▶ Source data:
Theorem lemma13 (k m : nat) (s : seq nat) (par : nat -> nat) :
  3 <= k -> 1 <= m ->
  realization k m s ->
  forest_parent k m s par ->
  forall x y : nat,
    edgeF k m par x y ->
    born k y < born k x ->
    2 * k - 1 <= degA k m s x ->
    (k - 1) ^ 2 <= 2 * Nstar k m s x y.
Proof.
move=> k_ge3 _ s_real s_par x y xy_F y_before_x deg_x.
have [x_ge_k x_lt_km <-] : [/\ k <= x, x < k + m & par x = y].
  case/orP: xy_F => /andP [/andP [z_ge_k z_lt_km] /eqP par_z]; first by [].
  by have := born_parent_lt s_par z_ge_k z_lt_km; rewrite par_z; lia.
set t := x - k; have x_eq : x = k + t by rewrite subnKC.
have t_lt_m : t < m by lia.
have t_range : 1 <= t.+1 <= m by lia.
have [] := s_par _ t_range; have -> : k + t.+1 - 1 = x by lia.
move=> _ par_max.
have [_ C_size _] := active_clique (chosen_active s_real t_lt_m).
have potential_le : potential k s t m <= k * Nstar k m s x (par x).
  rewrite /potential sum_weight -x_eq.
  apply: (@leq_trans (\sum_(u <- chosen k s t.+1) Nstar k m s x (par x))).
    rewrite big_seq_cond [X in _ <= X]big_seq_cond.
    by apply: leq_sum => u /andP [uC _]; exact: par_max.
  by rewrite big_const_seq count_predT iter_addn_0 C_size mulnC.
have := potential_bound s_real k_ge3 t_lt_m (leqnn m).
have later_ge : k - 1 <= later_degree k s t m.
  by have := @degA_le k m s t; rewrite -x_eq C_size; lia.
have := leq_gain k later_ge; have := gain_full k.
nia.
Qed.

▶ Activity: Each line that holds the string "Nstar" counts once. Give the total for the listing and nothing else.

▶ Answer to the problem: 3